Cuando entras en el espacio de los que viven, respiran y practican el tener pensamientos de luz, puedes sentir la energía más ligera que hay en la habitación. Como afirmó Patanjali, todo ser vivo deja de sentir enemistad en presencia de los que se abstienen firmemente de tener pensamientos dañinos o impuros. En eso consiste poner luz en la oscuridad, y cuanto más lo practiques, más serás un emisario de luz. La conducta y el pensamiento impuros no toleran el poder de tu luz pura, igual que la oscuridad no tolera la presencia de la luz.

2. La moral. La luz significa que nos tratamos a nosotros mismos y a los demás desde una perspectiva de la regla áurea. He de hacer lo correcto y, al hacerlo, pongo luz en la oscuridad. Cuando alguien se siente maltratado, herido, perdido o simplemente solo en su desdicha es como si tuviera una nube negra sobre su cabeza. Estos sentimientos permiten que la nube lo engulla. Al poner luz a este panorama de oscuridad elegimos tratar a los demás como nos gustaría que nos trataran a nosotros. La luz y la moralidad van cogidas de la mano. En el momento en que alguien tiene la sensación de que se le trata con justicia la nube negra desaparece.

Recuerdo cómo ilustraba la madre Teresa lo que hacía en su misión. «Cada día veo a Jesucristo con todos sus inquietantes disfraces». Ella veía la perfección en los desheredados de las calles y aportaba un poco de moral y luz a cada persona. Eso solo bastaba para alzar el velo de la oscuridad que envolvía a la persona sin hogar. Y lo mismo ocurre en todos nosotros. Cuando te paras a pensar cómo te gustaría que te trataran en la misma situación estás aportando moral, un ingrediente de la luz, para eliminar la oscuridad de alguien. Después de haber oído durante toda tu vida la regla de oro, sabes que es un buen consejo. Te animo a que pienses en serio en este modo de eliminar la oscuridad de tu vida y de dar luz a los que se sienten maltratados.

También puedes empezar a tratarte a ti de esta manera, siempre que sientas la ausencia de luz en tu vida. Si te sientes dolido o traicionado porque los demás no te tratan bien y te envuelve la oscuridad, pregúntate cómo preferirías que te trataran. Luego, imagina que esa luz y tratamiento moral descienden sobre ti procedentes de Dios. Perdona y olvida a la persona con la que estás enfadado, porque en este momento estás en la luz moral de Dios. De esta manera siempre tienes acceso a la luz. Pensar cómo te gustaría que te trataran te ayuda también a extender la regla de oro a los demás.

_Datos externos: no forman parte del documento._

Lemma dot_flip_dist C pi i j : flip_weights C pi -> i \in vars C -> j \in vars C ->
  dot (u i) (u j) = \sum_(a : assn C) aval R a i * aval R a j * flip_dist pi a.
Proof.
move=> [_ pi_sum1 corr] iC jC; rewrite flip_dist_corr //.
have [<-|ij] := eqVneq i j.
  under eq_bigr do rewrite pm_sqr mulr1.
  by rewrite pm_sqr mul1r pi_sum1 u_unit.
have pos_ij : var_pos C i != var_pos C j.
  apply: contraNneq ij => pos_ij.
  by have := nth_var_pos (true, i) iC; rewrite pos_ij nth_var_pos // => -[_ ->].
rewrite sum_pm_neq ?var_pos_lt // -(corr (true, i)) ?var_pos_lt //.
rewrite !nth_var_pos // /litvec /= dotZl dotZr !mulrA.
by rewrite -(mulrA (pm R _ * pm R _)) mulrACA !pm_sqr !mul1r.
Qed.

Lemma flip_weights_NAE3 (t : 3.-tuple (lit n)) :
  good_vectors u (NAE3 t) -> flip_weights (NAE3 t) (fun=> 1 / 3).
Proof.
move=> corr; split=> [q _|/=|]; first lra.
  by rewrite size_tuple sumr_const card_ord -mulr_natr; field.
apply: (lit_corr_tuple (t := t)) => // a b ab; rewrite corr //; lra.
Qed.

Definition nae5_weight (s : {perm 'I_5}) (q : nat) : R :=
  if q == s ord_max then 1 / 3 else 1 / 6.
(* A local homomorphism $\Lambda\to\Lambda_1$ of discrete valuation rings of mixed characteristic $(0,p)$ is slightly ramified if and only if $e_1<p$, where $e_1$ is the absolute ramification index of $\Lambda_1$ (the valuation of $p$ in $\Lambda_1$).
   Context: For a local ring $(R,\mathfrak m_R)$, $\hat\Gamma(R,\mathfrak m_R)$ is the inverse limit of the system of finite-length local $R$-algebras with a divided power structure on their maximal ideal (transition maps divided power homomorphisms). A local homomorphism $\Lambda\to\Lambda_1$ is slightly ramified if the composite $\Lambda\to\hat\Gamma(\Lambda_1,\mathfrak m_{\Lambda_1})$ is injective, and highly ramified otherwise. *)

From HB Require Import structures.
From mathcomp Require Import all_boot all_order all_algebra.
Set Implicit Arguments. Unset Strict Implicit. Unset Printing Implicit Defensive.
Import Order.TTheory GRing.Theory Num.Theory.
Local Open Scope ring_scope.

(* A commutative ring with units A is local: 1 <> 0 (built into the
   structure) and the non-units form an ideal (closed under addition);
   the maximal ideal is then the set of non-units. *)
Definition is_local (A : comUnitRingType) : Prop :=
  forall x y : A, x \notin GRing.unit -> y \notin GRing.unit ->
    (x + y) \notin GRing.unit.

Definition maxideal (A : comUnitRingType) (x : A) : Prop := x \notin GRing.unit.

Definition local_hom (L L1 : comUnitRingType) (f : L -> L1) : Prop :=
  forall x : L, x \notin GRing.unit -> f x \notin GRing.unit.

Definition is_uniformizer (L : idomainType) (pi : L) : Prop :=
  pi != 0 /\ pi \notin GRing.unit /\
  forall x : L, x != 0 -> exists (n : nat) (u : L), u \in GRing.unit /\ x = u * pi ^+ n.

Definition is_dvr (L : idomainType) : Prop := exists pi : L, is_uniformizer pi.

(* Mixed characteristic (0,p): characteristic 0, residue characteristic p. *)
Definition mixed_char (L : idomainType) (p : nat) : Prop :=
  prime p /\ (forall n : nat, (0 < n)%N -> n%:R != 0 :> L) /\
  (p%:R : L) \notin GRing.unit.

(* Submodules of A, where A is an R-module via the ring map g : R -> A. *)
Definition is_submodule (R A : comUnitRingType) (g : R -> A) (S : A -> Prop) : Prop :=
  S 0 /\ (forall a b, S a -> S b -> S (a + b)) /\ (forall r a, S a -> S (g r * a)).

(* A has finite length as an R-module: it admits a composition series
   0 = M_0 < M_1 < ... < M_n = A with simple successive quotients. *)
Definition finite_length (R A : comUnitRingType) (g : R -> A) : Prop :=
  exists (n : nat) (M : nat -> A -> Prop),
    (forall a, M 0%N a <-> a = 0) /\ (forall a, M n a) /\
    (forall i, (i <= n)%N -> is_submodule g (M i)) /\
    (forall i, (i < n)%N ->
       (forall a, M i a -> M i.+1 a) /\ (exists a, M i.+1 a /\ ~ M i a) /\
       (forall N : A -> Prop, is_submodule g N ->
          (forall a, M i a -> N a) -> (forall a, N a -> M i.+1 a) ->
          (forall a, N a -> M i a) \/ (forall a, M i.+1 a -> N a))).

Definition is_pd_structure (A : comUnitRingType) (I : A -> Prop)
  (gamma : nat -> A -> A) : Prop :=
  forall x y : A, I x -> I y ->
    gamma 0%N x = 1 /\ gamma 1%N x = x /\
        (forall n, (1 <= n)%N -> I (gamma n x)) /\
        (forall n, gamma n (x + y) = \sum_(i < n.+1) gamma i x * gamma (n - i)%N y) /\
        (forall (l : A) n, gamma n (l * x) = l ^+ n * gamma n x) /\
        (forall m n, gamma m x * gamma n x = 'C(m + n, m)%:R * gamma (m + n)%N x) /\
        (forall m n, (1 <= n)%N ->
           gamma m (gamma n x) =
             ((m * n)`! %/ (m`! * (n`! ^ m)))%:R * gamma (m * n)%N x).

(* The objects of the inverse system defining hat-Gamma(R, m_R): finite-length
   local R-algebras A (structure map g) with a PD structure on m_A. *)
Definition pd_test_algebra (R A : comUnitRingType) (g : {rmorphism R -> A}) : Prop :=
  is_local A /\ finite_length g /\
  exists gamma : nat -> A -> A, is_pd_structure (@maxideal A) gamma.

(* f : L -> L1 is slightly ramified iff L -> hat-Gamma(L1, m_{L1}) is injective.
   An element of the inverse limit is zero iff all its components are zero, so
   the kernel of L -> hat-Gamma(L1) is the intersection of the kernels of the
   composites L -> L1 -> A over all objects A of the system. *)
Definition slightly_ramified (L L1 : comUnitRingType) (f : {rmorphism L -> L1}) : Prop :=
  forall x : L,
    (forall (A : comUnitRingType) (g : {rmorphism L1 -> A}),
        pd_test_algebra g -> g (f x) = 0) ->
    x = 0.

Definition highly_ramified (L L1 : comUnitRingType) (f : {rmorphism L -> L1}) : Prop :=
  ~ slightly_ramified f.

From HB Require Import structures.
From mathcomp Require Import all_boot all_order all_algebra.
From mathcomp Require Import boolp generic_quotient ring_quotient.
From mathcomp Require Import ring zify.
Set Implicit Arguments. Unset Strict Implicit. Unset Printing Implicit Defensive.
Import GRing.Theory.
Local Open Scope ring_scope.
Local Open Scope quotient_scope.

(* If p <= e1, let A be a finite-length local L1-algebra with divided powers
   gamma on m_A.  Finite length forces a := image of pi1 into m_A, and then
   a^p = p! gamma_p(a) = u1 (p-1)! a^e1 gamma_p(a) lies in a^p m_A, so a^p = 0
   and p = u1 a^e1 = 0 in A: the nonzero element p of L dies in hat-Gamma.
   If e1 < p, then n! divides pi1^(n-1) in L1, so x |-> x^n / n! is defined on
   the maximal ideal and descends to a divided power structure on every
   L1 / pi1^N; these quotients separate the points of L1, and f is injective. *)

Section Uniformizer.
Variables (R : idomainType) (pi : R).
Hypothesis pi_uniformizer : is_uniformizer pi.

Lemma uniformizer_dvd_nonunit x : x \notin GRing.unit -> exists r, x = pi * r.
Proof.
move=> x_nonunit; have [->|x_neq0] := eqVneq x 0; first by exists 0; rewrite mulr0.
case: pi_uniformizer => _ [_ /(_ x x_neq0)] [[|n] [v [v_unit x_eq]]].
  by move: x_nonunit; rewrite x_eq expr0 mulr1 v_unit.
by exists (v * pi ^+ n); rewrite x_eq exprS mulrCA.
Qed.

Lemma uniformizer_mul_nonunit r : pi * r \notin GRing.unit.
Proof. by rewrite unitrM negb_and; case: pi_uniformizer => _ [-> _]. Qed.

Lemma uniformizer_mul_neq1 r : pi * r != 1.
Proof. by apply: contraNneq (uniformizer_mul_nonunit r) => ->; rewrite unitr1. Qed.

Lemma unitr1Dpi r : 1 + pi * r \in GRing.unit.
Proof.
apply/negPn/negP => /uniformizer_dvd_nonunit [s sum_eq].
by move: (uniformizer_mul_neq1 (s - r)); rewrite mulrBr -sum_eq addrK eqxx.
Qed.

Lemma uniformizer_local : is_local R.
Proof.
move=> x y /uniformizer_dvd_nonunit [r ->] /uniformizer_dvd_nonunit [s ->].
by rewrite -mulrDr uniformizer_mul_nonunit.
Qed.

Variables (p : nat) (u : R) (e : nat).
Hypotheses (R_mixed_char : mixed_char R p) (u_unit : u \in GRing.unit)
  (p_ramification : p%:R = u * pi ^+ e).

Lemma natr_unit_coprime m : ~~ (p %| m)%N -> (m%:R : R) \in GRing.unit.
Proof.
case: R_mixed_char => p_prime [_ /uniformizer_dvd_nonunit [t p_eq]] p_ndvd_m.
apply/negPn/negP => /uniformizer_dvd_nonunit [r m_eq].
have [a _] := @Bezoutl p m (prime_gt0 p_prime).
rewrite (eqP (_ : coprime p m)) ?prime_coprime //; case/dvdnP => k bezout.
have one_eq : (1 : R) = pi * (k%:R * t - a%:R * r).
  rewrite mulrBr mulrCA [pi * (_ * r)]mulrCA -p_eq -m_eq -!natrM -bezout; ring.
by move: (uniformizer_mul_neq1 (k%:R * t - a%:R * r)); rewrite -one_eq eqxx.
Qed.

Lemma natr_fact_unit_split n : exists2 c, c \in GRing.unit &
  (n`!)%:R = c * (p%:R : R) ^+ (n %/ p) * ((n %/ p)`!)%:R.
Proof.
case: R_mixed_char => /prime_gt0 p_gt0 _.
elim: n => [|n [c c_unit IH]]; first by exists 1; rewrite ?unitr1 // div0n mul1r mulr1.
rewrite divnS //; have [p_dvd|p_ndvd] := boolP (p %| n.+1)%N => /=.
  exists c => //; have n_eq : n.+1 = ((n %/ p).+1 * p)%N.
    by rewrite -{1}(divnK p_dvd) divnS // p_dvd.
  rewrite add1n factS natrM IH [in LHS]n_eq factS !natrM exprS; ring.
exists (n.+1%:R * c); first by rewrite unitrM c_unit natr_unit_coprime.
by rewrite add0n factS natrM IH; ring.
Qed.
(* Assume the Setting and consider Algorithm 2 with $0<\mu_0<4\sigma(1-\eta)$. (i) If $F(x_n)=y$ for some $n\ge0$, then $x_m=x_n$ for all $m>n$. (ii) If $\xi_{n+1}=\xi_n$ for some $n\ge0$, then $F(x_n)=y$, and $x_m=x_n$ and $\xi_m=\xi_n$ for all $m>n$.
   Context: Setting. Let $X,Y$ be real Hilbert spaces. Let $\mathcal R:X\to(-\infty,\infty]$ be proper, lower semicontinuous and strongly convex with constant $\sigma>0$, i.e. $\mathcal R(t\bar x+(1-t)x)+\sigma t(1-t)\|\bar x-x\|^2\le t\mathcal R(\bar x)+(1-t)\mathcal R(x)$ for all $\bar x,x\in\mathrm{dom}(\mathcal R)$ and $t\in[0,1]$. For $\xi\in\partial\mathcal R(x)$ (subdifferential) the Bregman distance is $D_{\mathcal R}^{\xi}(z,x)=\mathcal R(z)-\mathcal R(x)-\langle\xi,z-x\rangle$. The convex conjugate $\mathcal R^*$ is differentiable with $\|\nabla\mathcal R^*(\bar\xi)-\nabla\mathcal R^*(\xi)\|\le\|\bar\xi-\xi\|/(2\sigma)$, and $\nabla\mathcal R^*(\xi)=\arg\min_{x\in X}\{\mathcal R(x)-\langle\xi,x\rangle\}$ (unique minimizer), with $\xi\in\partial\mathcal R(\nabla\mathcal R^*(\xi))$. Let $F:\mathrm{dom}(F)\subset X\to Y$ and $y\in Y$. Assume: (b) there are $\rho>0$, $x_0\in X$, $\xi_0\in\partial\mathcal R(x_0)$ with $B_{2\rho}(x_0):=\{x:\|x-x_0\|\le 2\rho\}\subset\mathrm{dom}(F)$, and $F(x)=y$ has a solution $\bar x$ with $D_{\mathcal R}^{\xi_0}(\bar x,x_0)\le\sigma\rho^2$; (c) $F$ is weakly closed: if $x_n\in\mathrm{dom}(F)$, $x_n\rightharpoonup x$ and $F(x_n)\to v$, then $x\in\mathrm{dom}(F)$ and $F(x)=v$; (d) there are bounded linear operators $L(x):X\to Y$, $x\in B_{2\rho}(x_0)$, with $x\mapsto L(x)$ continuous on $B_{2\rho}(x_0)$, a constant $\eta\in[0,1)$ with $\|F(x)-F(\bar x)-L(\bar x)(x-\bar x)\|\le\eta\|F(x)-F(\bar x)\|$ for all $x,\bar x\in B_{2\rho}(x_0)$, and a constant $L>0$ with $\|L(x)\|\le L$ on $B_{2\rho}(x_0)$. Algorithm 2 (exact data $y$). Parameters: $\beta\in(0,\infty]$, $\mu_0>0$, $\mu_1>0$, and a fixed choice of step-size rule: (constant) $\alpha_n=\mu_0/L^2$, or (adaptive) $\alpha_n=\min\{\mu_0\|r_n\|^2/\|g_n\|^2,\mu_1\}$ if $r_n\ne0$ and $\alpha_n=0$ if $r_n=0$ (with $\mu_0\|r_n\|^2/\|g_n\|^2:=+\infty$ if $g_n=0$). Set $\xi_{-1}=\xi_0$, $x_0=\nabla\mathcal R^*(\xi_0)$. For all $n\ge0$ (no stopping): $r_n:=F(x_n)-y$, $g_n:=L(x_n)^*r_n$, $\alpha_n$ by the chosen rule; $m_n:=\xi_n-\xi_{n-1}$; $\tilde\gamma_0:=0$ and for $n\ge1$, $\tilde\gamma_n:=\langle m_n,x_n-x_{n-1}\rangle-(1-\eta)\alpha_{n-1}\|r_{n-1}\|^2+\beta_{n-1}\tilde\gamma_{n-1}$; $\beta_n:=\min\{\max\{0,(\alpha_n\langle g_n,m_n\rangle-2\sigma\tilde\gamma_n)/\|m_n\|^2\},\beta\}$ if $m_n\ne0$ and $\beta_n:=0$ if $m_n=0$; $\xi_{n+1}:=\xi_n-\alpha_ng_n+\beta_nm_n$, $x_{n+1}:=\nabla\mathcal R^*(\xi_{n+1})$. *)

From Stdlib Require Import Reals.
From Coquelicot Require Import Rbar.
Open Scope R_scope.

Record Hilbert := {
  hcar :> Type;
  hzero : hcar;
  hadd : hcar -> hcar -> hcar;
  hopp : hcar -> hcar;
  hscal : R -> hcar -> hcar;
  hinner : hcar -> hcar -> R;
  hadd_assoc : forall u v w, hadd u (hadd v w) = hadd (hadd u v) w;
  hadd_comm : forall u v, hadd u v = hadd v u;
  hadd_zero : forall u, hadd u hzero = u;
  hadd_opp : forall u, hadd u (hopp u) = hzero;
  hscal_assoc : forall a b u, hscal a (hscal b u) = hscal (a * b) u;
  hscal_one : forall u, hscal 1 u = u;
  hscal_distr_l : forall a u v, hscal a (hadd u v) = hadd (hscal a u) (hscal a v);
  hscal_distr_r : forall a b u, hscal (a + b) u = hadd (hscal a u) (hscal b u);
  hinner_sym : forall u v, hinner u v = hinner v u;
  hinner_add_l : forall u v w, hinner (hadd u v) w = hinner u w + hinner v w;
  hinner_scal_l : forall a u v, hinner (hscal a u) v = a * hinner u v;
  hinner_pos : forall u, 0 <= hinner u u;
  hinner_def : forall u, hinner u u = 0 -> u = hzero;
  hcomplete : forall u : nat -> hcar,
    (forall eps, 0 < eps -> exists N, forall m n, (N <= m)%nat -> (N <= n)%nat ->
        sqrt (hinner (hadd (u m) (hopp (u n))) (hadd (u m) (hopp (u n)))) < eps) ->
    exists l, forall eps, 0 < eps -> exists N, forall n, (N <= n)%nat ->
        sqrt (hinner (hadd (u n) (hopp l)) (hadd (u n) (hopp l))) < eps
}.
(* Let $\{c_n\}_{n\in\mathbb Z}$ be complex numbers such that $c_n+c_{-n}\in M(\theta_0)$ for all $n\ge1$ for some $\theta_0\in[0,\pi/2)$, and $\{c_n\}_{n\ge0}\in NBVS$. Let $S_n(x)=\sum_{k=-n}^nc_ke^{ikx}$. If $S_n$ converges uniformly on $\mathbb R$ to a (continuous, $2\pi$-periodic) function $f$, i.e. $\lim_{n\to\infty}\|f-S_n\|=0$ with $\|g\|=\max_x|g(x)|$, then $\lim_{n\to\infty}nc_n=0$.
   Context: For $\theta_0\in[0,\pi/2)$ let $M(\theta_0)=\{z\in\mathbb C: |\arg z|\le\theta_0\}$ (with $0\in M(\theta_0)$). Write $\Delta c_n=c_n-c_{n+1}$. A complex sequence $\mathbf C=\{c_n\}$ belongs to $NBVS$ if there is $\theta_0\in[0,\pi/2)$ with $c_n\in M(\theta_0)$ for all $n\ge1$ and a constant $K(\mathbf C)>0$ such that $\sum_{n=m}^{2m}|\Delta c_n|\le K(\mathbf C)\big(|c_m|+|c_{2m}|\big)$ for all $m\ge1$. *)

From Stdlib Require Import Reals ZArith.
From Coquelicot Require Import Coquelicot.
Open Scope R_scope.

Definition cexpi (t : R) : C := (cos t, sin t).

(* M(theta0) = { z : |arg z| <= theta0 }, with 0 in M(theta0).
   arg z is the principal argument in (-pi, pi], i.e. the t in (-pi,pi]
   with z = |z| e^{it}; for z = 0 every t qualifies, so 0 is in M. *)
Definition inM (theta0 : R) (z : C) : Prop :=
  exists t : R, - PI < t <= PI /\ Rabs t <= theta0 /\
    z = Cmult (RtoC (Cmod z)) (cexpi t).

Definition Delta (c : nat -> C) (n : nat) : C := Cminus (c n) (c (S n)).

(* NBVS for a sequence {c_n}_{n >= 1} (value at index 0 is irrelevant). *)
Definition NBVS (c : nat -> C) : Prop :=
  exists theta0 : R, 0 <= theta0 < PI / 2 /\
    (forall n : nat, (1 <= n)%nat -> inM theta0 (c n)) /\
    exists K : R, K > 0 /\
      forall m : nat, (1 <= m)%nat ->
        sum_n_m (fun n => Cmod (Delta c n)) m (2 * m)
          <= K * (Cmod (c m) + Cmod (c (2 * m)%nat)).

Definition Spart (c : Z -> C) (n : nat) (x : R) : C :=
  sum_n_m (fun j : nat =>
      let k := (Z.of_nat j - Z.of_nat n)%Z in
      Cmult (c k) (cexpi (IZR k * x))) 0 (2 * n).

From Pilot Require Import Defs.
From Stdlib Require Import Reals ZArith Lia Lra.
From Coquelicot Require Import Coquelicot.
Open Scope R_scope.

(* The partial sums are uniformly Cauchy, so every block
   S_N - S_n = sum_{n<k<=N} (c_k e^{ikx} + c_{-k} e^{-ikx}) is uniformly small.
   At x = 0 the block is sum (c_k + c_{-k}), whose terms lie in the sector
   M(theta0), so its modulus controls sum |c_k + c_{-k}|.  At x = pi/(2N) with
   N <= 5n, the imaginary part of the block is at least
   sum 2 sin(kx) Re c_k - sum |c_k + c_{-k}|, where sin(kx) >= sin(pi/10) and
   Re c_k >= cos theta1 |c_k|; hence sum_{n<k<=N} |c_k| -> 0.  Finally NBVS gives
   |c_t| <= (K+1)(|c_m| + |c_{2m}|) for m <= t <= 2m, and averaging over
   t/2 < m <= t yields t |c_t| <= 4(K+1) sum_{t/2<k<=2t} |c_k| -> 0. *)

Ltac fold_Rplus := change (@plus R_AbelianMonoid) with Rplus in *.

(* [ring] only recognises equations stated at type [C], not at the carrier of
   a Coquelicot structure. *)
Ltac C_ring :=
  change (@plus C_AbelianMonoid) with Cplus;
  match goal with |- ?L = ?R => change (@eq C L R) end; ring.

Lemma sum_n_m_additive {G H : AbelianMonoid} (f : G -> H) :
  (forall u v, f (plus u v) = plus (f u) (f v)) -> f zero = zero ->
  forall (a : nat -> G) n m, f (sum_n_m a n m) = sum_n_m (fun k => f (a k)) n m.
Proof.
  intros Hplus Hzero a n m. induction m as [|m IHm].
  - destruct n as [|n]; [now rewrite !sum_n_n|].
    now rewrite !sum_n_m_zero by lia.
  - destruct (le_lt_dec n (S m)).
    + now rewrite !sum_n_Sm, Hplus, IHm.
    + now rewrite !sum_n_m_zero.
Qed.

Lemma Re_sum_n_m (a : nat -> C) n m : Re (sum_n_m a n m) = sum_n_m (fun k => Re (a k)) n m.
Proof. now apply (sum_n_m_additive (G := C_AbelianMonoid) (H := R_AbelianMonoid)). Qed.

Lemma Im_sum_n_m (a : nat -> C) n m : Im (sum_n_m a n m) = sum_n_m (fun k => Im (a k)) n m.
Proof. now apply (sum_n_m_additive (G := C_AbelianMonoid) (H := R_AbelianMonoid)). Qed.

Lemma sum_n_m_Rmult_l (r : R) (a : nat -> R) n m :
  sum_n_m (fun k => r * a k) n m = r * sum_n_m a n m.
Proof. exact (sum_n_m_mult_l r a n m). Qed.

Recientemente, mi hijo pequeño y yo estábamos haciendo cola en un parque acuático y oímos a una mujer, que estaba en la cola de al lado, pedir tres refrescos y luego descubrir que le faltaba dinero para pagarlos. El hecho de que le faltaran unas monedas la alteró visiblemente y el vendedor no se mostró nada comprensivo. Mi respuesta inmediata en situaciones semejantes es ofrecer las monedas, cosa que hice. Pero primero me pregunté cómo me gustaría que me trataran si me encontrara en aquella situación. La vieja regla de oro.

Esto también me funciona después de discutir con mi esposa o con algún miembro de la familia. Me siento frustrado y empiezo a preguntarme cómo me gustaría que me trataran en aquel momento. Entonces actúo del modo en que quiero que me traten, rompiendo el silencio o pidiendo disculpas. El problema se reduce a la luz que la regla de oro ha arrojado en la oscuridad.

3. La verdad.James Russell Lowell dijo una vez: «La luz es el símbolo de la verdad». Y yo añadiría que: «La oscuridad es el símbolo del engaño». Puedes ocultar la verdad en la oscuridad, mientras que en la luz no hay misterios, no hay cosas ocultas, todo se revela. Así, la oscuridad esconde mientras la luz revela. Cuando pones luz en la oscuridad, como pide san Francisco en su plegaria, adoptas una actitud de apertura que no permite que la verdad sea temerosa o se oculte. En el libro de David Hawkins Power Versus Force se nos ofrece esta sabia frase: «En el proceso de examinar nuestra vida cotidiana podemos descubrir que todos nuestros temores se basaban en la falsedad. La sustitución de lo falso por lo verdadero es la esencia de la curación de todo lo visible y lo invisible» (págs. 105-106).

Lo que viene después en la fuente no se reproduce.